The first suite occurs in the top parts of medium to thick sandstone beds overlain by mudshale and in some packages of the heterolithic deposits of lithofacies H. The second suite occurs in lithofacies Sm and in some beds of lithofacies H.
Notably, both the Skolithos and Cruziana ichnofacies here show quite specific composition in comparison to that commonly reported from similar sublittoral deposits in other regions (cf. Buatois and Angriman 1991; MacEachern and Pemberton 1992). The Skolithos ichnofacies differs from its ‘classic variety’ by nearly lacking such trace fossils as Ophiomorpha, Bergaueria, Taenidium and Macaronichnus (cf. MacEachern et al. 2007a, 2012; Buatois and Mangano 2011), whereas the Cruziana ichnofacies lacks its most characteristic arthropod tracks and Zoophycos burrows (cf. Buatois and Mangano 2011). Moreover, the facies-crossing ichnogenus Chondrites, so commonly reported from such deposits, has not been evidenced in the present case. Its absence is particularly remarkable in the lower part of the succession, in the blackish to brownish dark-grey mudshales of lithofacies Mm overlying the non-bioturbated basal lithofacies Ml, where other trace fossils begin to appear, such as Phycosiphon-like burrows and Schaubcylindrichnus freyi.
Lithofacies Associations
The lithofacies (Table 1) have been recognized to form four main associations, labelled FA1 to FA4, which range from sand-rich to muddy and are vertically alternating with one another in the stratigraphic succession (Fig. 3). The extensive outcrop section of gently-inclined deposits and the two pairs of closely-spaced wells (Fig. 1C) show also considerable lateral changes over the distances of a few hundred metres, with some lithofacies pinching out and with one lithofacies association passing laterally into another.

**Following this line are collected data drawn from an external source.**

(* Every Pauli is a phase times a bit flip, so conjugating [U] by a layer
   (x)_j P_j (x) P_j turns the entry [U x y] into a phase times
   [U (x (+) f) (y (+) f)], where [f] is the flip pattern of the layer.
   Summing the phases over all layers with a given flip pattern gives
   2^(n(k+1)) when the input-output parities of [x] and [y] agree at every
   step, and 0 otherwise.  Hence the twirl is the composite of two commuting
   idempotents: averaging over simultaneous flips of inputs and outputs, and
   deleting the entries between different parity classes.  Both are sums of
   nonnegative multiples of conjugations (by permutations, resp. by diagonal
   projections), so they preserve positivity, and both commute with the
   partial trace over the last output, because inputs and outputs are flipped
   together. *)

Section BoolIndicators.
Variable R : comPzSemiRingType.

Lemma mulr_natb (a b : bool) : (a%:R * b%:R : R) = (a && b)%:R.
Proof. by case: a; case: b; rewrite ?mulr1 ?mulr0. Qed.

Lemma prodr_natb (I : finType) (b : I -> bool) :
  \prod_(i : I) ((b i)%:R : R) = ([forall i, b i])%:R.
Proof.
have [/forallP b_all|/forallPn [i /negbTE bi]] := boolP [forall i, b i].
  by rewrite big1 // => i _; rewrite b_all.
by rewrite (bigD1 i) //= bi mul0r.
Qed.

Lemma prodr_natb2 (I J : finType) (b : I -> J -> bool) :
  \prod_(i : I) \prod_(j : J) ((b i j)%:R : R) = ([forall i, [forall j, b i j]])%:R.
Proof. by under eq_bigr do rewrite prodr_natb; rewrite prodr_natb. Qed.

Lemma sumr_const_card (T : finType) (c : R) : \sum_(t : T) c = #|T|%:R * c.
Proof. by rewrite sumr_const mulr_natl. Qed.

Lemma sum_mul_natr_eq (T : finType) (G : T -> R) (a : T) :
  \sum_(z : T) G z * (z == a)%:R = G a.
Proof.
rewrite (bigD1 a) //= eqxx mulr1 big1 ?addr0 // => z /negbTE ->.
by rewrite mulr0.
Qed.

End BoolIndicators.

Lemma eq_ffun2 (I J : finType) (T : eqType) (F G : {ffun I -> {ffun J -> T}}) :
  (F == G) = [forall i, [forall j, F i j == G i j]].
Proof.
apply/eqP/forallP => [-> i|FG]; first exact/forallP.
by apply/ffunP => i; apply/ffunP => j; apply/eqP/(forallP (FG i)).
Qed.

Section FfunRcons.
Variables (T : Type) (j : nat).

Definition rcons_ffun (x : {ffun 'I_j.+1 -> T}) (t : T) : {ffun 'I_j.+2 -> T} :=
  [ffun l => if unlift ord_max l is Some l' then x l' else t].

Definition belast_ffun (x : {ffun 'I_j.+2 -> T}) : {ffun 'I_j.+1 -> T} :=
  [ffun l => x (lift ord_max l)].

Lemma rcons_ffun_max x t : rcons_ffun x t ord_max = t.
Proof. by rewrite ffunE unlift_none. Qed.

Lemma rcons_ffun_lift x t l : rcons_ffun x t (lift ord_max l) = x l.
Proof. by rewrite ffunE liftK. Qed.

Lemma rcons_ffunK x t : belast_ffun (rcons_ffun x t) = x.
Proof. by apply/ffunP => l; rewrite ffunE rcons_ffun_lift. Qed.

Lemma belast_ffunK x : rcons_ffun (belast_ffun x) (x ord_max) = x.
Proof.
apply/ffunP => l; case: (unliftP ord_max l) => [l'|] ->.
  by rewrite rcons_ffun_lift ffunE.
by rewrite rcons_ffun_max.
Qed.

End FfunRcons.

Lemma eq_rcons_ffun (T : eqType) j (x y : {ffun 'I_j.+1 -> T}) s t :
  (rcons_ffun x s == rcons_ffun y t) = (x == y) && (s == t).
Proof.
apply/eqP/andP => [E|[/eqP -> /eqP ->]] //.
split; apply/eqP; first by rewrite -(rcons_ffunK x s) E rcons_ffunK.
by rewrite -(rcons_ffun_max x s) E rcons_ffun_max.
Qed.

Lemma sum_rcons_ffun (R : nmodType) (T : finType) j (G : {ffun 'I_j.+2 -> T} -> R) :
  \sum_f G f = \sum_(f : {ffun 'I_j.+1 -> T}) \sum_t G (rcons_ffun f t).
Proof.
rewrite pair_big (reindex (fun p => rcons_ffun p.1 p.2)) //=.
exists (fun f => (belast_ffun f, f ord_max)) => [[f t]|f] _ /=.
  by rewrite rcons_ffunK rcons_ffun_max.
exact: belast_ffunK.
Qed.

Lemma sum_ffun1 (R : nmodType) (T : finType) (G : {ffun 'I_1 -> T} -> R) :
  \sum_f G f = \sum_t G [ffun => t].
Proof.
rewrite (reindex (fun t => [ffun => t])) //=.
exists (fun f => f ord0) => [t|f] _; first by rewrite ffunE.
by apply/ffunP => i; rewrite ffunE (ord1 i).
Qed.

Lemma const_ffun1_inj (T : Type) : injective (fun t : T => [ffun _ : 'I_1 => t]).
Proof. by move=> s t /ffunP/(_ ord0); rewrite !ffunE. Qed.

Section PositiveSemidefinite.
Variable T : finType.
Implicit Types (A : Op T) (v : T -> algC).

Definition qform A v : algC := \sum_x \sum_y (v x)^* * A x y * v y.

Lemma psd_sum (I : finType) (A : I -> Op T) :
  (forall i, psd (A i)) -> psd (fun x y => \sum_i A i x y).
Proof.
move=> psdA; split=> [x y|v].
  by rewrite rmorph_sum; apply: eq_bigr => i _; case: (psdA i) => ->.
rewrite -/(qform _ v).
have -> : qform (fun x y => \sum_i A i x y) v = \sum_i qform (A i) v.
  rewrite /qform; under eq_bigr do under eq_bigr do rewrite mulr_sumr mulr_suml.
  by under eq_bigr do rewrite exchange_big; rewrite exchange_big.
by apply: sumr_ge0 => i _; case: (psdA i) => _ /(_ v).
Qed.

Lemma psd_scale (c : algC) A : 0 <= c -> psd A -> psd (fun x y => c * A x y).
Proof.
move=> c_ge0 [hermA posA]; split=> [x y|v].
  by rewrite hermA -[c in LHS]geC0_conj // -rmorphM.
rewrite -/(qform _ v).
have -> : qform (fun x y => c * A x y) v = c * qform A v.
  rewrite /qform mulr_sumr; apply: eq_bigr => x _.
  by rewrite mulr_sumr; apply: eq_bigr => y _; ring.
exact: mulr_ge0 c_ge0 (posA v).
Qed.

Lemma psd_perm (s : T -> T) A : injective s -> psd A -> psd (fun x y => A (s x) (s y)).
Proof.
move=> inj_s [hermA posA]; split=> [x y|v]; first exact: hermA.
have := posA (v \o invF inj_s).
rewrite (reindex_inj inj_s); under eq_bigr do rewrite (reindex_inj inj_s).
by under eq_bigr do under eq_bigr do rewrite /= !invF_f.
Qed.

Lemma psd_restrict (m : pred T) A :
  psd A -> psd (fun x y => (m x)%:R * A x y * (m y)%:R).
Proof.
move=> [hermA posA]; split=> [x y|v].
  by rewrite !rmorphM !rmorph_nat hermA; ring.
have := posA (fun x => (m x)%:R * v x).
congr (0 <= _); apply: eq_bigr => x _; apply: eq_bigr => y _.
by rewrite rmorphM rmorph_nat; ring.
Qed.

End PositiveSemidefinite.

Definition flip n (x e : Qb n) : Qb n := [ffun q => x q (+) e q].

Lemma flipK n (e : Qb n) : involutive (fun x : Qb n => flip x e).
Proof. by move=> x; apply/ffunP => q; rewrite !ffunE -addbA addbb addbF. Qed.

Lemma flip_inj n (e : Qb n) : injective (fun x : Qb n => flip x e).
Proof. exact: inv_inj (flipK e). Qed.

Lemma flipA n (x e e' : Qb n) : flip (flip x e) e' = flip x (flip e e').
Proof. by apply/ffunP => q; rewrite !ffunE addbA. Qed.

Lemma flipAC n (x y e : Qb n) : flip (flip x e) (flip y e) = flip x y.
Proof. by apply/ffunP => q; rewrite !ffunE addbACA addbb addbF. Qed.

Definition flip_pair n (p : Qb n * Qb n) (e : Qb n) := (flip p.1 e, flip p.2 e).

Definition Flips n k := {ffun 'I_k.+1 -> Qb n}.

Definition shift n k (x : Idx n k) (f : Flips n k) : Idx n k :=
  [ffun j => flip_pair (x j) (f j)].

Definition parity n k (x : Idx n k) : Flips n k := [ffun j => flip (x j).1 (x j).2].

Lemma shiftK n k (f : Flips n k) : involutive (fun x : Idx n k => shift x f).
Proof.
by move=> x; apply/ffunP => j; rewrite !ffunE /flip_pair /= !flipK; case: (x j).
Qed.

Lemma shift_inj n k (f : Flips n k) : injective (fun x : Idx n k => shift x f).
Proof. exact: inv_inj (shiftK f). Qed.

Definition flip_flips n k (f g : Flips n k) : Flips n k := [ffun j => flip (f j) (g j)].

Lemma flip_flipsK n k (f : Flips n k) : involutive (flip_flips f).
Proof. by move=> g; apply/ffunP => j; apply/ffunP => q; rewrite !ffunE addbA addbb. Qed.

Lemma shiftA n k (x : Idx n k) (f g : Flips n k) :
  shift (shift x f) g = shift x (flip_flips f g).
Proof. by apply/ffunP => j; rewrite !ffunE /flip_pair /= !flipA. Qed.

Lemma parity_shift n k (x : Idx n k) f : parity (shift x f) = parity x.
Proof. by apply/ffunP => j; rewrite !ffunE /= flipAC. Qed.

Lemma card_Qb n : #|Qb n| = (2 ^ n)%N.
Proof. by rewrite card_ffun card_bool card_ord. Qed.

Lemma card_Flips n k : #|Flips n k| = ((2 ^ n) ^ k.+1)%N.
Proof. by rewrite card_ffun card_Qb card_ord. Qed.

Lemma card_Flips_S n j : #|Flips n j.+1| = (#|Flips n j| * #|Qb n|)%N.
Proof. by rewrite !card_Flips card_Qb expnSr. Qed.

Lemma card_Flips0 n : #|Flips n 0| = #|Qb n|.
Proof. by rewrite card_Flips card_Qb expn1. Qed.

Lemma card_Qb_neq0 n : (#|Qb n|%:R : algC) != 0.
Proof. by rewrite card_Qb pnatr_eq0 -lt0n expn_gt0. Qed.

Lemma card_Flips_neq0 n k : (#|Flips n k|%:R : algC) != 0.
Proof. by rewrite card_Flips pnatr_eq0 -lt0n !expn_gt0. Qed.

(* [ext] is [rcons_ffun] at [T := Qb n * Qb n], by conversion. *)
Lemma parity_ext n j (x : Idx n j) p :
  parity (ext x p) = rcons_ffun (parity x) (flip p.1 p.2).
Proof.
apply/ffunP => l; case: (unliftP ord_max l) => [l'|] ->.
  by rewrite ffunE !rcons_ffun_lift ffunE.
by rewrite ffunE !rcons_ffun_max.
Qed.

Lemma shift_ext n j (x : Idx n j) p (f : Flips n j) e :
  shift (ext x p) (rcons_ffun f e) = ext (shift x f) (flip_pair p e).
Proof.
apply/ffunP => l; case: (unliftP ord_max l) => [l'|] ->.
  by rewrite ffunE !rcons_ffun_lift ffunE.
by rewrite ffunE !rcons_ffun_max.
Qed.

Lemma parity_single n (p : Qb n * Qb n) : parity (single p) = [ffun => flip p.1 p.2].
Proof. by apply/ffunP => i; rewrite !ffunE. Qed.

Lemma shift_single n (p : Qb n * Qb n) e :
  shift (single p) [ffun => e] = single (flip_pair p e).
Proof. by apply/ffunP => i; rewrite !ffunE. Qed.

Definition pauli_flip (a : 'I_4) : bool := (val a == 1)%N || (val a == 2)%N.

Definition pauli_phase (a : 'I_4) (b : bool) : algC :=
  match val a with
  | 0 | 1 => 1
  | 2 => if b then 'i else - 'i
  | _ => if b then -1 else 1
  end.

Lemma pauli1E a b c : pauli1 a b c = pauli_phase a b * (c == b (+) pauli_flip a)%:R.
Proof.
case: a => [[|[|[|[|m]]]] ?]; rewrite /pauli1 /pauli_phase /pauli_flip /=;
  by case: b; case: c; rewrite /= ?mulr1 ?mulr0.
Qed.

Definition pauli_flips n (p : PauliIdx n) : Qb n := [ffun q => pauli_flip (p q)].

Definition pauli_phases n (p : PauliIdx n) (x : Qb n) : algC :=
  \prod_q pauli_phase (p q) (x q).

Lemma pauliE n (p : PauliIdx n) x y :
  pauli p x y = pauli_phases p x * (y == flip x (pauli_flips p))%:R.
Proof.
rewrite /pauli (eq_bigr _ (fun q _ => pauli1E _ _ _)) big_split /= prodr_natb.
congr (_ * (nat_of_bool _)%:R); apply/forallP/eqP => [yE|-> q]; last by rewrite !ffunE.
by apply/ffunP => q; rewrite !ffunE; apply/eqP.
Qed.

Definition layer_flips n k (ps : {ffun 'I_k.+1 -> PauliIdx n}) : Flips n k :=
  [ffun j => pauli_flips (ps j)].

Definition layer_phase n k (ps : {ffun 'I_k.+1 -> PauliIdx n}) (x : Idx n k) : algC :=
  \prod_j (pauli_phases (ps j) (x j).1 * pauli_phases (ps j) (x j).2).

Lemma pauli_layerE n k (ps : {ffun 'I_k.+1 -> PauliIdx n}) :
  pauli_layer ps = fun x y => layer_phase ps x * (y == shift x (layer_flips ps))%:R.
Proof.
apply: functional_extensionality => x; apply: functional_extensionality => y.
rewrite /pauli_layer (eq_bigr _ (fun j _ => etrans (congr2 *%R (pauliE _ _ _) (pauliE _ _ _))
  (mulrACA _ _ _ _))) big_split /= -/(layer_phase _ _).
under eq_bigr do rewrite mulr_natb.
rewrite prodr_natb; congr (_ * (nat_of_bool _)%:R); apply/forallP/eqP => [yE|-> j].
  apply/ffunP => j; have /andP[/eqP E1 /eqP E2] := yE j.
  by rewrite !ffunE /flip_pair -E1 -E2; case: (y j).
by rewrite !ffunE !eqxx.
Qed.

The lithofacies associations and their ichnofauna assemblages are described and interpreted below. The lithofacies associations are thought to represent different inner to outer shelf zones and for simplicity are given interpretive environmental labels, but their descriptions are separated from interpretations in the text. The stratigraphic alternation of lithofacies associations (Fig. 3) is attributed to the lateral shifting of shelf zones in response to relative sea-level fluctuations accompanied by morphodynamic changes of the shoreface–shelf profile (cf. Hampson 2000; Hampson and Storms 2003; Grundvåg et al. 2021).
FA1: Lower shoreface deposits
The deposits of lithofacies association FA1 occur several times in the stratigraphic succession (Fig. 3), forming packages up to 6 m thick, enveloped by the mud-richer association FA2 and passing laterally into the latter. Their boundaries are mainly gradational, marked by a rapid upward change in the thickness and relative proportion of sandstone and mudstone beds, but the basal contact of FA1 in some cases is sharp and recognizably erosional.
Description – This lithofacies assemblage (Figs. 3, 4) consists mainly of lithofacies Sp and Shs, with drapes or intercalations of lithofacies Sr and subordinate thin interbeds of lithofacies Sm, Hm and/or Mm, rarely Ml. Lithofacies Shs volumetrically dominates, as the sandstone beds with hummocky stratification are the thickest. Beds of sandstone lithofacies tend to be amalgamated by erosion, whereby the interbeds of muddy lithofacies are commonly truncated, discontinuous or virtually removed. Mudclasts, up to 7 cm in length, occur scattered along internal erosional surfaces.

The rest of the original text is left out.